Residual Connection — Adding the input back to the output: \(y = x + f(x)\).

RMSNorm — Root Mean Square Normalization: \(x / \sqrt{\text{mean}(x^2)}\).

Sampling — Randomly choosing the next token based on the probability distribution.

Scaled Attention — Dividing attention scores by \(\sqrt{d_k}\) to prevent softmax saturation.

Sequence — An ordered list of tokens.

Softmax — Function that converts logits to probabilities: \(e^{x_i} / \sum_j e^{x_j}\).

State Dict — A dictionary mapping parameter names to weight matrices.

T–Z

Temperature — A scalar that controls randomness during generation. Low = deterministic, high = creative.

Token — The smallest unit the model processes. In microgpt.py: individual characters.

Tokenizer — The system that converts between text and token IDs.

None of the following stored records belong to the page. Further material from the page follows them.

Lemma is_derive_ln_abs y : y <> 0 -> is_derive (fun t => ln (Rabs t)) y (/ y).
Proof.
intros Hy. destruct (Rlt_or_le 0 y) as [Hpos|Hneg].
- apply (is_derive_ext_loc ln).
  + apply (filter_imp (fun u => 0 < u)); [|exact (open_gt 0 y Hpos)].
    intros u Hu. rewrite Rabs_pos_eq by lra. reflexivity.
  + apply is_derive_ln; exact Hpos.
- apply (is_derive_ext_loc (fun t => ln (- t))).
  + apply (filter_imp (fun u => u < 0)); [|apply (open_lt 0 y); lra].
    intros u Hu. rewrite Rabs_left by exact Hu. reflexivity.
  + auto_derive; [lra|]. field. lra.
Qed.

Lemma pd_ln_abs_div c p (a n : pt -> R) : ex_pd c a p -> ex_pd c n p -> a p <> 0 -> 0 < n p ->
  pd c (fun q => ln (Rabs (a q / n q))) p = pd c a p / a p - pd c n p / n p.
Proof.
intros [da Ha] [dn Hn] Ha0 Hn0. unfold pd.
replace (Derive (fun t => a (upd p c t)) (coord p c)) with da
  by (symmetry; apply is_derive_unique; exact Ha).
replace (Derive (fun t => n (upd p c t)) (coord p c)) with dn
  by (symmetry; apply is_derive_unique; exact Hn).
apply is_derive_unique.
replace (da / a p - dn / n p) with (scal ((da * n p - a p * dn) / n p ^ 2) (/ (a p / n p)))
  by (unfold scal; simpl; unfold mult; simpl; field; split; lra).
apply (is_derive_comp (fun y => ln (Rabs y)) (fun t => a (upd p c t) / n (upd p c t))).
- rewrite !upd_coord. apply is_derive_ln_abs.
  unfold Rdiv. apply Rmult_integral_contrapositive_currified; [exact Ha0|].
  apply Rinv_neq_0_compat; lra.
- pose proof (is_derive_div _ _ _ _ _ Ha Hn) as Hd. cbv beta in Hd.
  rewrite !upd_coord in Hd. apply Hd. lra.
Qed.

Definition frame_deriv (E : nat -> vf) (k : nat) (h : pt -> R) (p : pt) : R :=
  sum3 (fun c => E k c p * pd c h p).

Definition frame_comp (g : metric) (E : nat -> vf) (J : vf) (k : nat) (q : pt) : R :=
  sum3 (fun d => flat g J d q * E k d q).

Definition frame_helicity (E : nat -> vf) (C : nat -> nat -> nat -> pt -> R)
  (A B : pt -> R) (p : pt) : R :=
  A p * (- frame_deriv E 1 B p - C 3%nat 1%nat 2%nat p * A p - C 3%nat 1%nat 3%nat p * B p)
  + B p * (frame_deriv E 1 A p - C 1%nat 2%nat 2%nat p * A p - C 1%nat 2%nat 3%nat p * B p).

Lemma frame_deriv_plus E k f h p :
  (forall c, (c < 3)%nat -> ex_pd c f p) -> (forall c, (c < 3)%nat -> ex_pd c h p) ->
  frame_deriv E k (fun q => f q + h q) p = frame_deriv E k f p + frame_deriv E k h p.
Proof.
intros Hf Hh. unfold frame_deriv, sum3. rewrite !pd_plus by (apply Hf || apply Hh; lia). ring.
Qed.

Lemma frame_deriv_mult E k f h p :
  (forall c, (c < 3)%nat -> ex_pd c f p) -> (forall c, (c < 3)%nat -> ex_pd c h p) ->
  frame_deriv E k (fun q => f q * h q) p
  = frame_deriv E k f p * h p + f p * frame_deriv E k h p.
Proof.
intros Hf Hh. unfold frame_deriv, sum3. rewrite !pd_mult by (apply Hf || apply Hh; lia). ring.
Qed.

Lemma frame_deriv_ext_open U E k f h p : open U -> U p -> (forall q, U q -> f q = h q) ->
  frame_deriv E k f p = frame_deriv E k h p.
Proof.
intros HU Hp Efh. unfold frame_deriv, sum3. rewrite !(pd_ext_open _ p U f h HU Hp Efh).
reflexivity.
Qed.

Lemma frame_deriv_const E k (a : R) p : frame_deriv E k (fun _ => a) p = 0.
Proof. unfold frame_deriv, sum3. rewrite !pd_const. ring. Qed.

Lemma frame_comp_vadd g E J1 J2 k q :
  frame_comp g E (vadd J1 J2) k q = frame_comp g E J1 k q + frame_comp g E J2 k q.
Proof. unfold frame_comp, flat, vadd, sum3. ring. Qed.

Lemma eps_frame_sum (f : nat -> R) (M : nat -> nat -> R) :
  sum3 (fun i => sum3 (fun j => sum3 (fun k => eps i j k * f (S i) * M (S j) (S k))))
  = f 1%nat * (M 2%nat 3%nat - M 3%nat 2%nat) + f 2%nat * (M 3%nat 1%nat - M 1%nat 3%nat)
    + f 3%nat * (M 1%nat 2%nat - M 2%nat 1%nat).
Proof. unfold sum3, eps; simpl. ring. Qed.

Section CurlInFrame.
Variables (U : pt -> Prop) (g : metric) (E : nat -> vf) (C : nat -> nat -> nat -> pt -> R)
  (J : vf) (A B : pt -> R) (p : pt).

Hypothesis HU : open U.
Hypothesis Hp : U p.
Hypothesis Hs : sym_at g p.
Hypothesis Hflat_ex : forall c d, (c < 3)%nat -> (d < 3)%nat -> ex_pd c (flat g J d) p.
Hypothesis Hframe_ex :
  forall c k d, (c < 3)%nat -> (d < 3)%nat -> ex_pd c (E k d) p.
Hypothesis Hdual : forall i j, (i < 3)%nat -> (j < 3)%nat ->
  sum3 (fun c => flat g (E (S i)) c p * E (S j) c p)
  = if Nat.eqb i j then 1 else 0.
Hypothesis Hbracket : forall i j b, (1 <= i <= 3)%nat -> (1 <= j <= 3)%nat ->
  bracket (E i) (E j) b p
  = C i j 1%nat p * E 1%nat b p + C i j 2%nat p * E 2%nat b p
    + C i j 3%nat p * E 3%nat b p.
Hypothesis Hcomps : forall q, U q ->
  frame_comp g E J 1 q = 0 /\ frame_comp g E J 2 q = A q /\ frame_comp g E J 3 q = B q.

Let dflat (j k : nat) : R := sum3 (fun c => sum3 (fun d =>
  E j c p * E k d p * pd c (flat g J d) p)).

Lemma dflat_antisym j k : dflat j k - dflat k j =
  frame_deriv E j (frame_comp g E J k) p - frame_deriv E k (frame_comp g E J j) p
  - sum3 (fun d => flat g J d p * bracket (E j) (E k) d p).
Proof.
assert (Hpd : forall c l, (c < 3)%nat -> pd c (frame_comp g E J l) p
  = sum3 (fun d => pd c (flat g J d) p * E l d p
                   + flat g J d p * pd c (E l d) p)).
{ intros c l Hc.
  assert (Hprod : forall d, (d < 3)%nat ->
    pd c (fun q => flat g J d q * E l d q) p
    = pd c (flat g J d) p * E l d p + flat g J d p * pd c (E l d) p)
    by (intros; apply pd_mult; [apply Hflat_ex | apply Hframe_ex]; lia).
  assert (Hprod_ex : forall d, (d < 3)%nat ->
    ex_pd c (fun q => flat g J d q * E l d q) p)
    by (intros; apply ex_pd_mult; [apply Hflat_ex | apply Hframe_ex]; lia).
  unfold frame_comp. rewrite pd_sum3 by (apply Hprod_ex; lia).
  unfold sum3. rewrite !Hprod by lia. reflexivity. }
unfold dflat, frame_deriv, bracket, sum3. rewrite !Hpd by lia. unfold sum3. ring.
Qed.

Lemma flat_bracket j k : (1 <= j <= 3)%nat -> (1 <= k <= 3)%nat ->
  sum3 (fun d => flat g J d p * bracket (E j) (E k) d p)
  = C j k 1%nat p * frame_comp g E J 1 p + C j k 2%nat p * frame_comp g E J 2 p
    + C j k 3%nat p * frame_comp g E J 3 p.
Proof.
intros Hj Hk. unfold sum3. rewrite !Hbracket by assumption. unfold frame_comp, sum3. ring.
Qed.

Lemma poisson_at_of_frame_helicity :
  frame_helicity E C A B p = 0 -> dot g J (curl g J) p = 0.
Proof.
intros Hhel. rewrite dot_curlE by exact Hs.
set (Ep := fun i c => E (S i) c p).
set (T := sum3 (fun b => sum3 (fun c => sum3 (fun d =>
  eps b c d * flat g J b p * pd c (flat g J d) p)))).
assert (HE : det3 Ep <> 0).
{ intros HE0.
  assert (H1 : det3 (fun i j => sum3 (fun c => flat g (E (S i)) c p * Ep j c)) = 1).
  { rewrite <- det3_1. apply det3_ext. intros; apply Hdual; assumption. }
  rewrite det3_mul_tr, HE0, Rmult_0_r in H1. lra. }
assert (HT : det3 Ep * T =
  frame_comp g E J 1 p * (dflat 2 3 - dflat 3 2)
  + frame_comp g E J 2 p * (dflat 3 1 - dflat 1 3)
  + frame_comp g E J 3 p * (dflat 1 2 - dflat 2 1)).
{ unfold T. rewrite det3_eps_change.
  exact (eps_frame_sum (fun k => frame_comp g E J k p) dflat). }
destruct (Hcomps p Hp) as [F1 [F2 F3]].
rewrite (dflat_antisym 3 1), (dflat_antisym 1 2), !flat_bracket in HT by lia.
rewrite (frame_deriv_ext_open U E 3 (frame_comp g E J 1) (fun _ => 0)),
  (frame_deriv_ext_open U E 2 (frame_comp g E J 1) (fun _ => 0)),
  (frame_deriv_ext_open U E 1 (frame_comp g E J 2) A),
  (frame_deriv_ext_open U E 1 (frame_comp g E J 3) B) in HT
  by (try assumption; intros q Hq; apply (Hcomps q Hq)).
rewrite !frame_deriv_const, F1, F2, F3 in HT.
assert (HT0 : det3 Ep * T = 0).
{ rewrite HT. transitivity (frame_helicity E C A B p); [|exact Hhel].
  unfold frame_helicity. ring. }
apply Rmult_integral in HT0 as [HE0 | ->]; [contradiction | ring].
Qed.

End CurlInFrame.

Lemma riemannian_sym U g q : riemannian U g -> U q -> sym_at g q.
Proof. intros [_ [Hsym _]] Hq a b. exact (Hsym a b q Hq). Qed.

Lemma riemannian_detg_sym_pos U g q : riemannian U g -> U q -> 0 < detg_sym g q.
Proof.
intros HR Hq. apply detg_sym_pos; [exact (riemannian_sym U g q HR Hq)|].
intros x Hx. destruct HR as [_ [_ Hpos]]. exact (Hpos q x Hq Hx).
Qed.

Lemma riemannian_dot_pos U g (X : vf) q : riemannian U g -> U q ->
  ~ (X 0%nat q = 0 /\ X 1%nat q = 0 /\ X 2%nat q = 0) -> 0 < dot g X X q.
Proof. intros [_ [_ Hpos]] Hq HX. exact (Hpos q (fun a => X a q) Hq HX). Qed.

Lemma dot_e1_e1 g (v : vf) q : 0 < dot g v v q -> dot g (e1_of g v) (e1_of g v) q = 1.
Proof.
intros Hv. assert (Hn : vnorm g v q * vnorm g v q = dot g v v q) by (apply sqrt_sqrt; lra).
assert (Hn0 : 0 < vnorm g v q) by (apply sqrt_lt_R0; exact Hv).
transitivity (dot g v v q / (vnorm g v q * vnorm g v q)).
- unfold dot, e1_of, sum3. field. lra.
- rewrite Hn. field. lra.
Qed.

Section Orthonormality.
Variables (g : metric) (v e2 : vf) (q : pt).
Hypothesis Hs : sym_at g q.
Hypothesis Hdet : 0 < detg_sym g q.
Hypothesis Hv : 0 < dot g v v q.
Hypothesis He12 : dot g (e1_of g v) e2 q = 0.
Hypothesis He22 : dot g e2 e2 q = 1.

Lemma frame_orthonormal i j : (1 <= i <= 3)%nat -> (1 <= j <= 3)%nat ->
  dot g (frame g v e2 i) (frame g v e2 j) q = if Nat.eqb i j then 1 else 0.
Proof.
intros Hi Hj.
destruct i as [|[|[|[|i]]]]; try lia; destruct j as [|[|[|[|j]]]]; try lia;
  simpl; unfold e3_of; rewrite ?(dot_sym g (cross _ _ _)) by exact Hs.
- exact (dot_e1_e1 g v q Hv).
- exact He12.
- exact (cross_orthl g q Hs Hdet _ _).
- rewrite dot_sym by exact Hs. exact He12.
- exact He22.
- exact (cross_orthr g q Hs Hdet _ _).
- exact (cross_orthl g q Hs Hdet _ _).
- exact (cross_orthr g q Hs Hdet _ _).
- rewrite dot_cross_cross, dot_e1_e1, He12, He22 by assumption. ring.
Qed.

End Orthonormality.

Section FrameRegularity.
Variables (g : metric) (v e2 : vf) (p : pt) (c : nat).
Hypothesis Hg_ex : forall a b, (a < 3)%nat -> (b < 3)%nat -> ex_pd c (g a b) p.
Hypothesis Hv_ex : forall a, (a < 3)%nat -> ex_pd c (v a) p.
Hypothesis He2_ex : forall a, (a < 3)%nat -> ex_pd c (e2 a) p.
Hypothesis Hs : sym_at g p.
Hypothesis Hdet : 0 < detg_sym g p.
Hypothesis Hv : 0 < dot g v v p.

Ltac ex_pd_poly leaf :=
  repeat match goal with
  | |- ex_pd _ (fun _ => ?a) _ => apply (ex_pd_const _ _ a)
  | |- ex_pd ?c (fun q => sum3 (fun i => @?F q i)) ?p =>
      apply (ex_pd_sum3 c p (fun i q => F q i)); cbv beta
  | |- ex_pd ?c (fun q => @?f q + @?h q) ?p => apply (ex_pd_plus c p f h)
  | |- ex_pd ?c (fun q => @?f q * @?h q) ?p => apply (ex_pd_mult c p f h)
  | |- ex_pd ?c (fun q => - @?f q) ?p => apply (ex_pd_opp c p f)
  | |- ex_pd _ (fun q => g ?a ?b q) _ => exact (Hg_ex a b ltac:(lia) ltac:(lia))
  | |- ex_pd _ _ _ => leaf
  end.

Lemma ex_pd_detg : ex_pd c (detg g) p.
Proof. unfold detg. ex_pd_poly fail. Qed.

Lemma ex_pd_ginv a b : ex_pd c (ginv g a b) p.
Proof.
unfold ginv. apply ex_pd_div; [ex_pd_poly fail | exact ex_pd_detg |].
rewrite detg_symE by exact Hs. lra.
Qed.

Lemma ex_pd_sqrt_detg : ex_pd c (fun q => sqrt (detg g q)) p.
Proof. apply ex_pd_sqrt; [exact ex_pd_detg|]. rewrite detg_symE by exact Hs. exact Hdet. Qed.

Lemma ex_pd_dot (X Y : vf) :
  (forall a, (a < 3)%nat -> ex_pd c (X a) p) -> (forall a, (a < 3)%nat -> ex_pd c (Y a) p) ->
  ex_pd c (dot g X Y) p.
Proof.
intros HX HY. unfold dot.
ex_pd_poly ltac:(idtac; match goal with
  | |- ex_pd _ (fun q => X ?a q) _ => exact (HX a ltac:(lia))
  | |- ex_pd _ (fun q => Y ?a q) _ => exact (HY a ltac:(lia)) end).
Qed.

Lemma ex_pd_e1 a : (a < 3)%nat -> ex_pd c (e1_of g v a) p.
Proof.
intros Ha. unfold e1_of, vnorm. apply ex_pd_div; [exact (Hv_ex a Ha) | |].
- apply ex_pd_sqrt; [apply ex_pd_dot|]; assumption.
- apply Rgt_not_eq, sqrt_lt_R0. exact Hv.
Qed.

Lemma ex_pd_e3 a : ex_pd c (e3_of g v e2 a) p.
Proof.
unfold e3_of, cross.
ex_pd_poly ltac:(idtac; match goal with
  | |- ex_pd _ (fun q => ginv g ?a ?b q) _ => exact (ex_pd_ginv a b)
  | |- ex_pd _ (fun q => sqrt (detg g q)) _ => exact ex_pd_sqrt_detg
  | |- ex_pd _ (fun q => e1_of g v ?a q) _ => exact (ex_pd_e1 a ltac:(lia))
  | |- ex_pd _ (fun q => e2 ?a q) _ => exact (He2_ex a ltac:(lia)) end).
Qed.

Lemma ex_pd_frame k d : (d < 3)%nat -> ex_pd c (frame g v e2 k d) p.
Proof.
intros Hd. destruct k as [|[|[|k]]];
  [exact (ex_pd_e3 d) | exact (ex_pd_e1 d Hd) | exact (He2_ex d Hd) | exact (ex_pd_e3 d)].
Qed.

Topological Sort — Ordering graph nodes so children always come before parents. Needed for backward pass.

Training — The process of iteratively adjusting parameters to minimize loss.

Training Step — One complete forward → loss → backward → update cycle.

Transformer — The architecture: attention + MLP + residual connections + normalization.

Vocabulary — The complete set of all possible tokens (27 in microgpt.py).

Vocab Size — The number of unique tokens (27 = 26 letters + BOS).

Weight Matrix — A 2D grid of learnable parameters used in linear transformations.